You might want to use more than 10 bins per dimension in the brute force search.
Also - the code is quite inefficient. Since it brute forces over all combinations of x1, x2, x3, but a lot of them are invalid (e.g. x2<=x1), you might want to parametrize the problem in (x1,x2-x1, x3-x2) instead, and search over nonnegative values in the second and third component.
Finally, the brute
method is a minimizer, so you should return -cohen_kappa
from the objective
#%%
import numpy as np
from sklearn.metrics import cohen_kappa_score, confusion_matrix
from scipy.stats import truncnorm
import pandas as pd
import seaborn as sns
import matplotlib.pyplot as plt
from scipy.optimize import brute
#
# Generate Data
#
n = 1000
np.random.seed(0)
y = np.random.choice(4, p=[0.1, 0.3, 0.4, 0.2], size=n)
x = np.zeros(n)
for i in range(5):
low = 0
high = 100
mymean = 20 * i
myscale = 8
a, b = (low - mymean) / myscale, (high - mymean) / myscale
x[y == i] = truncnorm.rvs(a=a, b=b, loc=mymean, scale=myscale, size=np.sum(y == i))

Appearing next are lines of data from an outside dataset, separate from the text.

(* Let $G$ be a group acting on a set $X$. Let $A\subset G$ and $Y\subset X$ be nonempty with $Y$ finite, and suppose there exists $\alpha\in\,]0,1[$ such that $\mathrm{Sym}_{\alpha}(Y)\subset AA^{-1}$ and $|A^{-1}\cdot Y|\leq\frac{3-\alpha}{2}|Y|$. Then $AA^{-1}$ is a subgroup of $G$.
   Context: $AA^{-1}=\{ab^{-1}\mid a,b\in A\}$, $A^{-1}\cdot Y=\{a^{-1}\cdot y\mid a\in A,y\in Y\}$, and $\mathrm{Sym}_{\alpha}(Y)=\{g\in G\mid |g\cdot Y\cap Y|\geq\alpha|Y|\}$. *)

From Stdlib Require Import Reals List.
Import ListNotations.

Record Group := {
  gcar :> Type;
  gmul : gcar -> gcar -> gcar;
  ginv : gcar -> gcar;
  gone : gcar;
  gmulA : forall x y z, gmul x (gmul y z) = gmul (gmul x y) z;
  gmul1l : forall x, gmul gone x = x;
  gmulVl : forall x, gmul (ginv x) x = gone
}.

Record Action (G : Group) (X : Type) := {
  act : G -> X -> X;
  act1 : forall x, act (gone G) x = x;
  actM : forall g h x, act (gmul G g h) x = act g (act h x)
}.
Arguments act {G X} _ _ _.

Definition has_card {T : Type} (S : T -> Prop) (n : nat) : Prop :=
  exists l : list T, NoDup l /\ (forall x, In x l <-> S x) /\ length l = n.

Definition AAinv (G : Group) (A : G -> Prop) : G -> Prop :=
  fun g => exists a b, A a /\ A b /\ g = gmul G a (ginv G b).

Definition invA_act (G : Group) (X : Type) (ac : Action G X)
  (A : G -> Prop) (Y : X -> Prop) : X -> Prop :=
  fun x => exists a y, A a /\ Y y /\ x = act ac (ginv G a) y.

Definition transl_cap (G : Group) (X : Type) (ac : Action G X)
  (g : G) (Y : X -> Prop) : X -> Prop :=
  fun x => Y x /\ exists y, Y y /\ x = act ac g y.

Definition Sym (G : Group) (X : Type) (ac : Action G X)
  (alpha : R) (Y : X -> Prop) : G -> Prop :=
  fun g => exists k nY, has_card (transl_cap G X ac g Y) k /\ has_card Y nY /\
                        (INR k >= alpha * INR nY)%R.

Definition is_subgroup (G : Group) (S : G -> Prop) : Prop :=
  S (gone G) /\ (forall x y, S x -> S y -> S (gmul G x y)) /\
  (forall x, S x -> S (ginv G x)).

(* If a, b are in A, then a^-1 Y and b^-1 Y are two translates of Y inside
   A^-1 Y, which is small, so they overlap in at least 2|Y| - |A^-1 Y| points;
   applying a, the element a b^-1 moves at least that many points of Y into Y.
   Since g(hY ∩ Y) and gY ∩ Y both lie in gY, and their intersection lies in
   ghY ∩ Y, we get |ghY ∩ Y| >= |gY ∩ Y| + |hY ∩ Y| - |Y|, so every product of two elements of A A^-1 moves at least
   3|Y| - 2|A^-1 Y| >= alpha |Y| points of Y into Y: it lies in Sym_alpha(Y),
   hence in A A^-1.  Closure under inverses is automatic. *)

From Stdlib Require Import Reals.
From Stdlib Require Import List FinFun ClassicalEpsilon Permutation Lia Lra.

Section Cardinality.
Variable T : Type.

Definition pbool (P : Prop) : bool :=
  if excluded_middle_informative P then true else false.

Lemma pboolP (P : Prop) : pbool P = true <-> P.
Proof.
  unfold pbool; destruct (excluded_middle_informative P); split; auto; discriminate.
Qed.

Definition count_in (l : list T) (P : T -> Prop) : nat :=
  length (filter (fun x => pbool (P x)) l).

Lemma count_in_cons a l P :
  count_in (a :: l) P = ((if pbool (P a) then 1 else 0) + count_in l P)%nat.
Proof. unfold count_in; simpl; destruct (pbool (P a)); reflexivity. Qed.

Lemma count_in_union_inter l P Q :
  (count_in l P + count_in l Q =
   count_in l (fun x => P x /\ Q x) + count_in l (fun x => P x \/ Q x))%nat.
Proof.
  induction l as [|a l IH]; [reflexivity|].
  rewrite !count_in_cons; unfold pbool.
  repeat match goal with
         | |- context [excluded_middle_informative ?S] =>
             destruct (excluded_middle_informative S)
         end; try tauto; lia.
Qed.

Lemma has_card_ext (P Q : T -> Prop) n :
  (forall x, P x <-> Q x) -> has_card P n -> has_card Q n.
Proof.
  intros E [l [Hl [HP Hn]]]; exists l; split; [|split]; auto.
  intros x; rewrite HP; apply E.
Qed.

Lemma has_card_unique (P : T -> Prop) p q : has_card P p -> has_card P q -> p = q.
Proof.
  intros [l1 [N1 [H1 <-]]] [l2 [N2 [H2 <-]]].
  apply Permutation_length, NoDup_Permutation; auto.
  intros x; rewrite H1, H2; tauto.
Qed.

Lemma has_card_subset_count (P S : T -> Prop) l :
  NoDup l -> (forall x, In x l <-> S x) -> (forall x, P x -> S x) ->
  has_card P (count_in l P).
Proof.
  intros Hl HS PS; exists (filter (fun x => pbool (P x)) l).
  split; [apply NoDup_filter; auto|split; [|reflexivity]].
  intros x; rewrite filter_In, pboolP, HS; intuition.
Qed.

Lemma has_card_subset (P S : T -> Prop) s :
  has_card S s -> (forall x, P x -> S x) -> exists p, has_card P p /\ (p <= s)%nat.
Proof.
  intros [l [Hl [HS <-]]] PS; exists (count_in l P); split.
  - apply (has_card_subset_count P S); auto.
  - apply filter_length_le.
Qed.

Lemma card_subset_le (P S : T -> Prop) p s :
  (forall x, P x -> S x) -> has_card P p -> has_card S s -> (p <= s)%nat.
Proof.
  intros PS HP HS; destruct (has_card_subset P S s HS PS) as [p' [HP' Hle]].
  rewrite (has_card_unique P p p'); auto.
Qed.

Lemma card_inter_ge (P Q S : T -> Prop) p q s :
  (forall x, P x -> S x) -> (forall x, Q x -> S x) ->
  has_card P p -> has_card Q q -> has_card S s ->
  exists r, has_card (fun x => P x /\ Q x) r /\ (p + q <= s + r)%nat.
Proof.
  intros PS QS HP HQ [l [Hl [HS <-]]].
  pose proof (has_card_subset_count _ _ _ Hl HS PS) as HP'.
  pose proof (has_card_subset_count _ _ _ Hl HS QS) as HQ'.
  rewrite (has_card_unique P p _ HP HP'), (has_card_unique Q q _ HQ HQ').
  exists (count_in l (fun x => P x /\ Q x)); split.
  - apply (has_card_subset_count _ S); intuition.
  - rewrite count_in_union_inter.
    pose proof (filter_length_le (fun x => pbool (P x \/ Q x)) l).
    unfold count_in at 2; lia.
Qed.

End Cardinality.

Lemma has_card_image {T U : Type} (f : T -> U) (P : T -> Prop) n :
  Injective f -> has_card P n -> has_card (fun x => exists y, P y /\ x = f y) n.
Proof.
  intros Hf [l [Hl [HP <-]]]; exists (map f l).
  split; [apply Injective_map_NoDup; auto|split; [|apply length_map]].
  intros x; rewrite in_map_iff; split.
  - intros [y [<- Hy]]; exists y; split; [apply HP|]; auto.
  - intros [y [Py ->]]; exists y; split; [|apply HP]; auto.
Qed.

Section GroupTheory.
Variable G : Group.

Lemma gmulVr (x : G) : gmul G x (ginv G x) = gone G.
Proof.
  rewrite <- (gmul1l G (gmul G x (ginv G x))), <- (gmulVl G (ginv G x)) at 1.
  rewrite <- gmulA, (gmulA G (ginv G x)), gmulVl, gmul1l; apply gmulVl.
Qed.

Lemma gmul1r (x : G) : gmul G x (gone G) = x.
Proof. rewrite <- (gmulVl G x), gmulA, gmulVr, gmul1l; reflexivity. Qed.

Lemma ginv_mulV (a b : G) : ginv G (gmul G a (ginv G b)) = gmul G b (ginv G a).
Proof.
  set (x := gmul G a (ginv G b)).
  assert (Hx : gmul G x (gmul G b (ginv G a)) = gone G).
  { unfold x; rewrite <- gmulA, (gmulA G (ginv G b)), gmulVl, gmul1l; apply gmulVr. }
  rewrite <- (gmul1r (ginv G x)), <- Hx, gmulA, gmulVl, gmul1l; reflexivity.
Qed.

Lemma AAinv_one (A : G -> Prop) : (exists a, A a) -> AAinv G A (gone G).
Proof. intros [a Ha]; exists a, a; rewrite gmulVr; auto. Qed.

Lemma AAinv_inv (A : G -> Prop) g : AAinv G A g -> AAinv G A (ginv G g).
Proof. intros [a [b [Ha [Hb ->]]]]; exists b, a; rewrite ginv_mulV; auto. Qed.

End GroupTheory.

Section Translates.
Variables (G : Group) (X : Type) (ac : Action G X).

Definition translate (g : G) (Y : X -> Prop) : X -> Prop :=
  fun x => exists y, Y y /\ x = act ac g y.

Lemma act_injective g : Injective (act ac g).
Proof.
  intros x y E.
  rewrite <- (act1 _ _ ac x), <- (act1 _ _ ac y), <- (gmulVl G g), !actM, E.
  reflexivity.
Qed.

Lemma has_card_translate g Y n : has_card Y n -> has_card (translate g Y) n.
Proof. apply has_card_image, act_injective. Qed.

Lemma translate_mul g h Y x :
  translate g (translate h Y) x <-> translate (gmul G g h) Y x.
Proof.
  split.
  - intros [z [[y [Hy ->]] ->]]; exists y; rewrite actM; auto.
  - intros [y [Hy ->]]; exists (act ac h y); split; [exists y|rewrite actM]; auto.
Qed.

Lemma translate_one Y x : translate (gone G) Y x <-> Y x.
Proof.
  split; [intros [y [Hy ->]]; rewrite act1|intros Hx; exists x; rewrite act1]; auto.
Qed.

Lemma translate_inter g (P Q : X -> Prop) x :
  translate g (fun z => P z /\ Q z) x <-> translate g P x /\ translate g Q x.
Proof.
  split.
  - intros [y [[Py Qy] ->]]; split; exists y; auto.
  - intros [[y [Py ->]] [z [Qz E]]].
    apply act_injective in E; subst; exists z; auto.
Qed.

Lemma transl_capE g Y x : transl_cap G X ac g Y x <-> Y x /\ translate g Y x.
Proof. reflexivity. Qed.

Variables (Y : X -> Prop) (n : nat).
Hypothesis HY : has_card Y n.

Lemma transl_cap_quotient_ge (S : X -> Prop) s a b :
  (forall x, translate (ginv G a) Y x -> S x) ->
  (forall x, translate (ginv G b) Y x -> S x) -> has_card S s ->
  exists k, has_card (transl_cap G X ac (gmul G a (ginv G b)) Y) k /\
            (2 * n <= s + k)%nat.
Proof.
  intros Sa Sb HS.
  destruct (card_inter_ge _ _ _ _ _ _ _ Sb Sa
              (has_card_translate _ _ _ HY) (has_card_translate _ _ _ HY) HS)
    as [r [Hr Hle]].
  exists r; split; [|lia].
  apply (has_card_ext _ (translate a (fun x => translate (ginv G b) Y x /\
                                               translate (ginv G a) Y x))).
  - intros x; rewrite transl_capE, translate_inter, !translate_mul,
                      gmulVr, translate_one; tauto.
  - apply has_card_translate; exact Hr.
Qed.

Lemma transl_cap_mul_ge g h kg kh :
  has_card (transl_cap G X ac g Y) kg -> has_card (transl_cap G X ac h Y) kh ->
  exists k, has_card (transl_cap G X ac (gmul G g h) Y) k /\ (kg + kh <= n + k)%nat.
Proof.
  intros Hg Hh.
  destruct (has_card_subset _ (transl_cap G X ac (gmul G g h) Y) Y n HY)
    as [k [Hk _]]; [intros x []; auto|].
  exists k; split; auto.
  destruct (card_inter_ge _ (translate g (transl_cap G X ac h Y))
              (transl_cap G X ac g Y) (translate g Y) kh kg n)
    as [r [Hr Hle]].
  - intros x [y [[Hy _] ->]]; exists y; auto.
  - intros x [_ Hx]; exact Hx.
  - apply has_card_translate; exact Hh.
  - exact Hg.
  - apply has_card_translate; exact HY.
  - enough (r <= k)%nat by lia.
    refine (card_subset_le _ _ _ _ _ _ Hr Hk).
    intros x [Hx [HYx _]]; split; auto.
    apply translate_mul, (translate_inter g (fun z => Y z) (translate h Y)), Hx.
Qed.

End Translates.

Lemma AAinv_mul_Sym (G : Group) (X : Type) (ac : Action G X)
  (A : G -> Prop) (Y : X -> Prop) (n m : nat) (alpha : R) g h :
  has_card Y n -> has_card (invA_act G X ac A Y) m ->
  (INR m <= (3 - alpha) / 2 * INR n)%R ->
  AAinv G A g -> AAinv G A h -> Sym G X ac alpha Y (gmul G g h).
Proof.
  intros HY Hm Hsmall [a [b [Ha [Hb ->]]]] [c [d [Hc [Hd ->]]]].
  assert (Hquot : forall a b, A a -> A b ->
            exists k, has_card (transl_cap G X ac (gmul G a (ginv G b)) Y) k /\
                      (2 * n <= m + k)%nat).
  { intros a' b' Ha' Hb'.
    apply (transl_cap_quotient_ge G X ac Y n HY (invA_act G X ac A Y) m); auto.
    - intros x [y [Hy ->]]; exists a', y; auto.
    - intros x [y [Hy ->]]; exists b', y; auto. }
  destruct (Hquot a b Ha Hb) as [k1 [Hk1 Hle1]].
  destruct (Hquot c d Hc Hd) as [k2 [Hk2 Hle2]].
  destruct (transl_cap_mul_ge G X ac Y n HY _ _ _ _ Hk1 Hk2) as [k [Hk Hle]].
  exists k, n; repeat split; auto.
  assert (Hcount : (3 * n <= 2 * m + k)%nat) by lia.
  apply le_INR in Hcount; rewrite !plus_INR, !mult_INR in Hcount; simpl in Hcount.
  lra.
Qed.

Theorem mainTheorem3 (G : Group) (X : Type) (ac : Action G X)
  (A : G -> Prop) (Y : X -> Prop) (nY : nat) (alpha : R) :
  (exists a, A a) ->
  has_card Y nY -> (0 < nY)%nat ->
  (0 < alpha < 1)%R ->
  (forall g, Sym G X ac alpha Y g -> AAinv G A g) ->
  (exists m, has_card (invA_act G X ac A Y) m /\
             (INR m <= (3 - alpha) / 2 * INR nY)%R) ->
  is_subgroup G (AAinv G A).
Proof.
  intros HA HY _ _ HSym [m [Hm Hsmall]].
  split; [|split].
  - apply AAinv_one, HA.
  - intros g h Hg Hh; apply HSym, (AAinv_mul_Sym G X ac A Y nY m); auto.
  - apply AAinv_inv.
Qed.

data = pd.DataFrame({"cont_attribute": x, "class_label": y})
# make a loss function that accounts for the bad orderings
def loss(cuts):
x1, x2, x3 = cuts
if 0 >= x1 or x1 >= x2 or x2 >= x3 or x3 >= 100:
return np.inf
yhat = pd.cut(
data["cont_attribute"],
bins=[0, x1, x2, x3, 100],
labels=[0, 1, 2, 3],
# duplicates="drop",
).astype("int")
return -cohen_kappa_score(data["class_label"], yhat)
# Compute the result via brute force
ranges = [(0, 100)] * 3
Ns=30
result = brute(func=loss, ranges=ranges, Ns=Ns)
print(result)
print(-loss(result))
# Evaluate the final result in a confusion matrix
x1, x2, x3 = result
data["class_pred"] = pd.cut(
data["cont_attribute"],
bins=[0, x1, x2, x3, 100],
labels=[0, 1, 2, 3],
duplicates="drop",
).astype("int")
mat = confusion_matrix(y_true=data['class_label'],y_pred=data['class_pred'])
plt.matshow(mat)
# Loop over data dimensions and create text annotations.
for i in range(4):
for j in range(4):
text = plt.text(j, i, mat[i, j],
ha="center", va="center", color="grey")
plt.xlabel('Predicted class')
plt.ylabel('True class')
plt.show()
# Evaluate result graphically
# inspect the data
fig,ax = plt.subplots(2,1)
sns.histplot(data=data, x="cont_attribute", hue="class_label",ax=ax[0],multiple='stack')
sns.histplot(data=data, x="cont_attribute", hue="class_pred",ax=ax[1],multiple='stack')
plt.show()
Regarding the use of scipy.optimize.minimize
, that is not possible when using the cohen kappa as a ojective. Since it is not differentiable, it is not so easy to optimize over. Consider using a cross entropy loss function instead. But in that case, you would need a (parametric) model for the classification task.
A standard ordinal classifier is available in the ordinal regression package in statsmodels
. It will be vastly faster than the brute method, but possibly less accurate when evaluated on cohen kappa. Going that route is probably what I would have done if going for a higher number of bins.